“Railroad Boom, Electric Oil Cures, and a $5,000 Bond: What Government Contracts Reveal About America in October 1856”
What's on the Front Page
The Daily Union's front page on October 2, 1856, is dominated by three major government construction and infrastructure proposals seeking bids. The Treasury Department announces sealed proposals for the Georgetown Custom House and Post Office, due November 20th, with a required bond of $5,000—substantial security for a major federal building. Simultaneously, the Southern Railroad Company of Mississippi advertises for contractors to complete the eastern division of their ambitious rail line, spanning 82.5 miles from Brandon to the Mobile and Ohio Railroad, requiring 770,000 cubic yards of excavation, 4,700 feet of trestling, and 10,000 perches of masonry. The Navy Department also solicits bids for material deliveries across multiple navy yards, with proposals due December 26th. These three solicitations reveal a nation in intense infrastructural expansion—the South especially hungry for rail connectivity to link Charleston and Savannah westward to the Pacific. The paper emphasizes the Southern Railroad's strategic importance, calling it 'one of the most important unfinished enterprises in the country' and 'thoroughly national in its character,' even as sectional tensions simmer beneath the surface.
Why It Matters
October 1856 was the eve of a presidential election that would reshape America. James Buchanan's campaign was in full swing, and the nation was fracturing over slavery's expansion into new territories. Yet this front page captures something often overlooked: the South's aggressive investment in infrastructure and economic development. The Southern Railroad proposals—with their detailed engineering specifications and appeals to 'southern men and southern enterprise'—show how the South was actively building economic capacity, even as political conflict intensified. The emphasis on federal custom houses and navy yards reflects the broader antebellum reality that the federal government subsidized development through construction contracts and land grants. These infrastructure projects were not neutral—they embedded sectional interests and economic power. The very week this paper published, the nation was days away from voting on whether slavery would be permitted in Kansas, a question that would define the next five years of American politics.
Hidden Gems
- Dr. DeGrath's 'Electric Oil' advertisement claims it has cured over 700 people in Philadelphia alone, including the Mayor of Camden of piles and rheumatism, and brags that wholesale dealers refused to countenance counterfeits—yet a man named Valentine was imprisoned in Harrisburg for attempting to imitate this 'valuable remedy,' suggesting the patent medicine market was cutthroat and fraud-ridden.
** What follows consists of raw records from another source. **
(* There exists a universal constant $K_0$ such that for all positive integers $s$, $$\sum_{0\le k\le s/2}(1+t_k^2)\,p_k\le K_0.$$
   Context: For a positive integer $s$ and integers $0\le k\le s/2$, let $p_k=\binom{s-k}{k}\big/\sum_{0\le j\le s/2}\binom{s-j}{j}$ (so $p_k\ge0$ and $\sum_k p_k=1$; the denominator is the Fibonacci number $Fib_{s+1}$). Let $c_0=(5-\sqrt5)/10$, $k_0=\lfloor c_0 s\rfloor$, and $t_k=5^{3/4}(k-k_0)/\sqrt{s}$. *)

From Stdlib Require Import Reals Lra Lia ZArith.
Open Scope R_scope.

Definition floorR (x : R) : Z := (up x - 1)%Z.

Definition binomR (n k : nat) : R := Binomial.C n k.

(* denominator: sum_{0<=j<=s/2} C(s-j, j)  (= Fib_{s+1}); s/2 is floor division *)
Definition denom (s : nat) : R := sum_f_R0 (fun j => binomR (s - j) j) (Nat.div s 2).

Definition p_k (s k : nat) : R := binomR (s - k) k / denom s.

Definition c0 : R := (5 - sqrt 5) / 10.

Definition k0 (s : nat) : Z := floorR (c0 * INR s).

Definition t_k (s k : nat) : R :=
  Rpower 5 (3/4) * (INR k - IZR (k0 s)) / sqrt (INR s).

From Stdlib Require Import Reals Lra Lia Psatz.
Open Scope R_scope.

(* Write a_k = C(s-k,k) and r = c0 s.  The ratio a_(k+1)/a_k = (s-2k)(s-2k-1)/((k+1)(s-k))
   turns the sum over k of (k-r) k (s-k+1) a_k - (k+1-r) (s-2k)(s-2k-1) a_k into a
   telescoping sum equal to 0.  Because c0 is a root of 5c^2 - 5c + 1, each summand is at
   least (s (k-r)^2 - 2 s^2) a_k, hence sum (k-r)^2 p_k <= 2 s.  As
   t_k^2 <= 50 ((k-r)^2 + 1) / s, the sum in the theorem is at most 1 + 50 + 100. *)

(* The bound on k matters: [Binomial.C n k] is not 0 when k > n. *)
Lemma binomR_diag_succ s k : (2 * k + 2 <= s)%nat ->
  INR (S k) * (INR s - INR k) * binomR (s - S k) (S k) =
  (INR s - 2 * INR k) * (INR s - 2 * INR k - 1) * binomR (s - k) k.
Proof.
  intros Hk; unfold binomR.
  set (n := (s - S k)%nat).
  assert (Hsk : (s - k)%nat = S n) by (unfold n; lia).
  assert (Hn : INR n = INR s - INR k - 1).
  { unfold n; rewrite minus_INR, S_INR by lia; ring. }
  assert (Hnk : INR (n - k) = INR s - 2 * INR k - 1).
  { rewrite minus_INR, Hn by (unfold n; lia); ring. }
  assert (HSnk : INR (S n - k) = INR s - 2 * INR k).
  { rewrite minus_INR, S_INR, Hn by (unfold n; lia); ring. }
  rewrite Hsk, pascal_step2, pascal_step3 by (unfold n; lia).
  rewrite Hnk, HSnk, !S_INR, Hn.
  assert (0 < INR s - 2 * INR k - 1).
  { rewrite <- Hnk; apply lt_0_INR; unfold n; lia. }
  assert (0 < INR k + 1) by (pose proof (pos_INR k); lra).
  field; lra.
Qed.

Lemma sum_f_R0_telescope (b c : nat -> R) m :
  (forall k, (k < m)%nat -> c k = b (S k)) ->
  sum_f_R0 (fun k => b k - c k) m = b O - c m.
Proof.
  induction m as [|m IH]; intros Hbc; simpl; [ring|].
  rewrite IH by (intros; apply Hbc; lia).
  rewrite (Hbc m) by lia; ring.
Qed.

Lemma binomR_nonneg n k : 0 <= binomR n k.
Proof.
  unfold binomR, Binomial.C.
  apply Rle_mult_inv_pos; [apply pos_INR|].
  apply Rmult_lt_0_compat; apply INR_fact_lt_0.
Qed.

Lemma binomR_0_r n : binomR n 0 = 1.
Proof.
  unfold binomR, Binomial.C. rewrite Nat.sub_0_r. simpl.
  field. apply INR_fact_neq_0.
Qed.

Lemma denom_pos s : 0 < denom s.
Proof.
  unfold denom.
  assert (H0 : binomR (s - 0) 0 = 1) by apply binomR_0_r.
  induction (Nat.div s 2) as [|m IH]; simpl; [lra|].
  pose proof (binomR_nonneg (s - S m) (S m)); lra.
Qed.

Lemma c0_quadratic : 5 * c0 ^ 2 - 5 * c0 + 1 = 0.
Proof.
  unfold c0. assert (sqrt 5 * sqrt 5 = 5) by (apply sqrt_sqrt; lra). nra.
Qed.

Lemma c0_bounds : 0 <= c0 <= 3 / 10.
Proof.
  unfold c0. assert (sqrt 5 * sqrt 5 = 5) by (apply sqrt_sqrt; lra).
  pose proof (sqrt_pos 5). split; nra.
Qed.

Lemma k0_bounds s : c0 * INR s - 1 < IZR (k0 s) <= c0 * INR s.
Proof.
  unfold k0, floorR. rewrite minus_IZR. destruct (archimed (c0 * INR s)). simpl. lra.
Qed.

(* The summand is b_k - b_(k+1) for b_k = (k-r) k (s-k+1) a_k, except for the last one,
   which is b_k because s - 2 (s/2) is 0 or 1. *)
Lemma sum_binomR_drift s r :
  sum_f_R0 (fun k =>
    ((INR k - r) * INR k * (INR s - INR k + 1)
     - (INR k - r + 1) * (INR s - 2 * INR k) * (INR s - 2 * INR k - 1))
    * binomR (s - k) k) (Nat.div s 2) = 0.
Proof.
  set (m := Nat.div s 2).
  set (b := fun k => (INR k - r) * INR k * (INR s - INR k + 1) * binomR (s - k) k).
  set (c := fun k => (INR k - r + 1) * (INR s - 2 * INR k) * (INR s - 2 * INR k - 1)
                     * binomR (s - k) k).
  assert (Hm : (s = 2 * m \/ s = 2 * m + 1)%nat).
  { pose proof (Nat.div_mod s 2); pose proof (Nat.mod_upper_bound s 2); unfold m; lia. }
  transitivity (sum_f_R0 (fun k => b k - c k) m).
  { apply sum_eq; intros; unfold b, c; ring. }
  rewrite sum_f_R0_telescope.
  - assert (Hcm : (INR s - 2 * INR m) * (INR s - 2 * INR m - 1) = 0).
    { destruct Hm as [Hs | Hs]; rewrite Hs, ?plus_INR, mult_INR; simpl; ring. }
    unfold b, c; simpl. rewrite Rmult_assoc with (r2 := INR s - 2 * INR m), Hcm. ring.
  - intros k Hk. unfold b, c.
    transitivity ((INR k - r + 1) *
      ((INR s - 2 * INR k) * (INR s - 2 * INR k - 1) * binomR (s - k) k)); [ring|].
    rewrite <- binomR_diag_succ by lia.
    rewrite !S_INR; ring.
Qed.

(* Since 5 c0^2 - 5 c0 + 1 = 0, the cubic part of the right side is
   5 (x-r)^2 (S-r-x) >= S (x-r)^2. *)
Lemma drift_coeff_lower_bound S x : 0 <= x -> 2 * x <= S ->
  let r := c0 * S in
  S * (x - r) ^ 2 - 2 * S ^ 2 <=
  (x - r) * x * (S - x + 1) - (x - r + 1) * (S - 2 * x) * (S - 2 * x - 1).
Proof.
  intros Hx HxS r.
  pose proof c0_bounds as Hc0.
  assert (Hr : 0 <= r <= 3 / 10 * S) by (unfold r; nra).
  replace ((x - r) * x * (S - x + 1) - (x - r + 1) * (S - 2 * x) * (S - 2 * x - 1))
    with (5 * (x - r) ^ 2 * (S - r - x) + (x - r) * (S - x) - (S - 2 * x) * (S - 2 * x - 1)
          - (x - r) * S ^ 2 * (5 * c0 ^ 2 - 5 * c0 + 1)) by (unfold r; ring).
  rewrite c0_quadratic.
  assert (S * (x - r) ^ 2 <= 5 * (x - r) ^ 2 * (S - r - x)).
  { assert (0 <= (x - r) ^ 2 * (5 * (S - r - x) - S))
      by (apply Rmult_le_pos; [apply pow2_ge_0 | lra]).
    lra. }
  assert (- S ^ 2 <= (x - r) * (S - x)).
  { assert (0 <= (x - r + S) * (S - x)) by (apply Rmult_le_pos; lra). nra. }
  assert ((S - 2 * x) * (S - 2 * x - 1) <= S ^ 2).
  { assert (0 <= (S - 2 * x) * (2 * x)) by (apply Rmult_le_pos; lra). nra. }
  lra.
Qed.

Lemma second_moment_le s : (0 < s)%nat ->
  sum_f_R0 (fun k => (INR k - c0 * INR s) ^ 2 * binomR (s - k) k) (Nat.div s 2)
  <= 2 * INR s * denom s.
Proof.
  intros Hs.
  set (m := Nat.div s 2). set (S := INR s). set (r := c0 * S).
  set (Q := sum_f_R0 (fun k => (INR k - r) ^ 2 * binomR (s - k) k) m).
  assert (HS : 0 < S) by (apply lt_0_INR; lia).
  assert (Hbound : S * Q + (- 2 * S ^ 2) * denom s <= 0).
  { rewrite <- (sum_binomR_drift s r).
    unfold Q, denom; fold m. rewrite !scal_sum, <- plus_sum.
    apply sum_Rle; intros k Hk.
    assert (H2k : 2 * INR k <= S).
    { unfold S; change 2 with (INR 2); rewrite <- mult_INR. apply le_INR.
      pose proof (Nat.Div0.mul_div_le s 2); unfold m in Hk; lia. }
    pose proof (drift_coeff_lower_bound S (INR k) (pos_INR k) H2k) as Hdrift.
    pose proof (binomR_nonneg (s - k) k).
    fold r in Hdrift. fold S. nra. }
  apply Rmult_le_reg_l with S; [exact HS|]. nra.
Qed.

Lemma p_k_nonneg s k : 0 <= p_k s k.
Proof.
  unfold p_k, Rdiv. apply Rmult_le_pos; [apply binomR_nonneg|].
  left; apply Rinv_0_lt_compat, denom_pos.
Qed.

Lemma sum_p_k s : sum_f_R0 (p_k s) (Nat.div s 2) = 1.
Proof.
  unfold p_k, Rdiv. rewrite <- scal_sum.
  apply Rinv_l, Rgt_not_eq, denom_pos.
Qed.

Lemma second_moment_p_k_le s : (0 < s)%nat ->
  sum_f_R0 (fun k => (INR k - c0 * INR s) ^ 2 * p_k s k) (Nat.div s 2) <= 2 * INR s.
Proof.
  intros Hs. pose proof (denom_pos s) as HN.
  unfold p_k, Rdiv.
  rewrite (sum_eq _ (fun k => (INR k - c0 * INR s) ^ 2 * binomR (s - k) k * / denom s))
    by (intros; ring).
  rewrite <- scal_sum.
  apply Rmult_le_reg_l with (denom s); [exact HN|].
  rewrite <- Rmult_assoc, Rinv_r, Rmult_1_l by lra.
  pose proof (second_moment_le s Hs). lra.
Qed.

Lemma t_k_sq_le s k : (0 < s)%nat ->
  t_k s k ^ 2 <= 50 * ((INR k - c0 * INR s) ^ 2 + 1) / INR s.
Proof.
  intros Hs. unfold t_k.
  assert (HS : 0 < INR s) by (apply lt_0_INR; lia).
  set (P := Rpower 5 (3 / 4)).
  assert (HP : 0 < P < 5).
  { split; [apply exp_pos|].
    unfold P; rewrite <- (Rpower_1 5) at 2 by lra. apply Rpower_lt; lra. }
  pose proof (k0_bounds s) as Hk0.
  assert (Hdist : (INR k - IZR (k0 s)) ^ 2 <= 2 * (INR k - c0 * INR s) ^ 2 + 2).
  { pose proof (pow2_ge_0 (INR k - c0 * INR s - (c0 * INR s - IZR (k0 s)))). nra. }
  assert (Hsq : sqrt (INR s) ^ 2 = INR s) by (rewrite <- Rsqr_pow2; apply Rsqr_sqrt; lra).
  assert (0 < sqrt (INR s)) by (apply sqrt_lt_R0; exact HS).
  replace ((P * (INR k - IZR (k0 s)) / sqrt (INR s)) ^ 2)
    with (P ^ 2 * (INR k - IZR (k0 s)) ^ 2 / INR s).
  2: { set (q := sqrt (INR s)) in *. rewrite <- Hsq. field. lra. }
  unfold Rdiv. apply Rmult_le_compat_r; [left; apply Rinv_0_lt_compat; exact HS|].
  assert (P ^ 2 <= 25) by nra.
  pose proof (pow2_ge_0 (INR k - IZR (k0 s))). nra.
Qed.

Theorem lemma6 : exists K0 : R, forall s : nat, (0 < s)%nat ->
  sum_f_R0 (fun k => (1 + (t_k s k) ^ 2) * p_k s k) (Nat.div s 2) <= K0.
Proof.
  exists 151. intros s Hs.
  set (S := INR s). set (c := 50 / S).
  assert (HS : 1 <= S) by (apply (le_INR 1); lia).
  assert (Hc : 0 <= c <= 50).
  { unfold c; split; [apply Rle_mult_inv_pos; lra|].
    rewrite <- (Rmult_1_r 50) at 2. unfold Rdiv; apply Rmult_le_compat_l; [lra|].
    rewrite <- Rinv_1. apply Rinv_le_contravar; lra. }
  apply Rle_trans with (sum_f_R0 (fun k =>
    p_k s k * (1 + c) + (INR k - c0 * S) ^ 2 * p_k s k * c) (Nat.div s 2)).
  - apply sum_Rle; intros k _.
    pose proof (t_k_sq_le s k Hs) as Ht; fold S in Ht. pose proof (p_k_nonneg s k) as Hp.
    replace (50 * ((INR k - c0 * S) ^ 2 + 1) / S) with (c * ((INR k - c0 * S) ^ 2 + 1))
      in Ht by (unfold c, Rdiv; ring).
    pose proof (Rmult_le_compat_r (p_k s k) _ _ Hp Ht). lra.
  - rewrite plus_sum, <- !scal_sum, sum_p_k.
    pose proof (second_moment_p_k_le s Hs) as Hvar; fold S in Hvar.
    assert (c * (2 * S) = 100) by (unfold c; field; lra).
    nra.
Qed.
- The Southern Railroad proposal mentions the state of Mississippi is providing '15 miles of completed railroad, with its equipments and sixty valuable slaves, many of them mechanics' as a bonus to attract contractors—a stark reminder that slavery's infrastructure was baked directly into Southern economic development projects.
- The Georgetown Custom House proposal requires bidders to guarantee their work with a certified bond from the United States District Judge or attorney, meaning federal judges were actively certifying the financial trustworthiness of private contractors—an intimate entanglement of judicial authority and business.
- The patent office notice for Samuel Newell's Wisconsin invention extension specifies that testimony must be 'taken and witnessed in accordance with the rules of the office,' indicating the Patent Office had established formal evidentiary procedures for technical disputes by 1856.
- Subscription rates for The Daily Union cost $20 per year, while the semi-weekly was $10—meaning daily news cost the equivalent of roughly $650 annually in modern dollars, placing newspaper readership squarely in the hands of the educated and prosperous.
Fun Facts
- The Southern Railroad proposal mentions it will eventually intersect with the 'Vicksburg, Shreveport, and Texas railroad, now under contract for its whole distance'—this is the same corridor that would become a crucial Confederate supply line just five years later during the Civil War, making this peacetime infrastructure proposal literally a blueprint for future military logistics.
- The Custom House being proposed for Georgetown would process imports and exports; by 1856, tariffs on foreign goods were a burning political issue that divided North and South, making this seemingly bureaucratic construction project a tangible symbol of federal revenue-gathering power.
- Dr. DeGrath advertised his Electric Oil as having cured Hon. B. Kittingsworth '(whom I took off 26 ounces in one day)'—this baroque phrasing suggests bloodletting was still an active medical practice in 1856, despite growing skepticism, showing the collision between old and new medicine on this very page.
- The Southern Railroad notes it was a 'recipient under the recent grant of lands made by Congress'—this refers to the Land Grant Railroad Act of 1850, which gave railroads federal land to incentivize westward expansion, a subsidy mechanism that would accelerate dramatically after the Civil War.
- The proposal language repeatedly specifies that contracts could only be assigned 'except by consent of the Secretary of the Treasury'—personal relationships and political favor were baked into federal procurement centuries before the modern bureaucracy, meaning getting a railroad contract required political connections as much as engineering competence.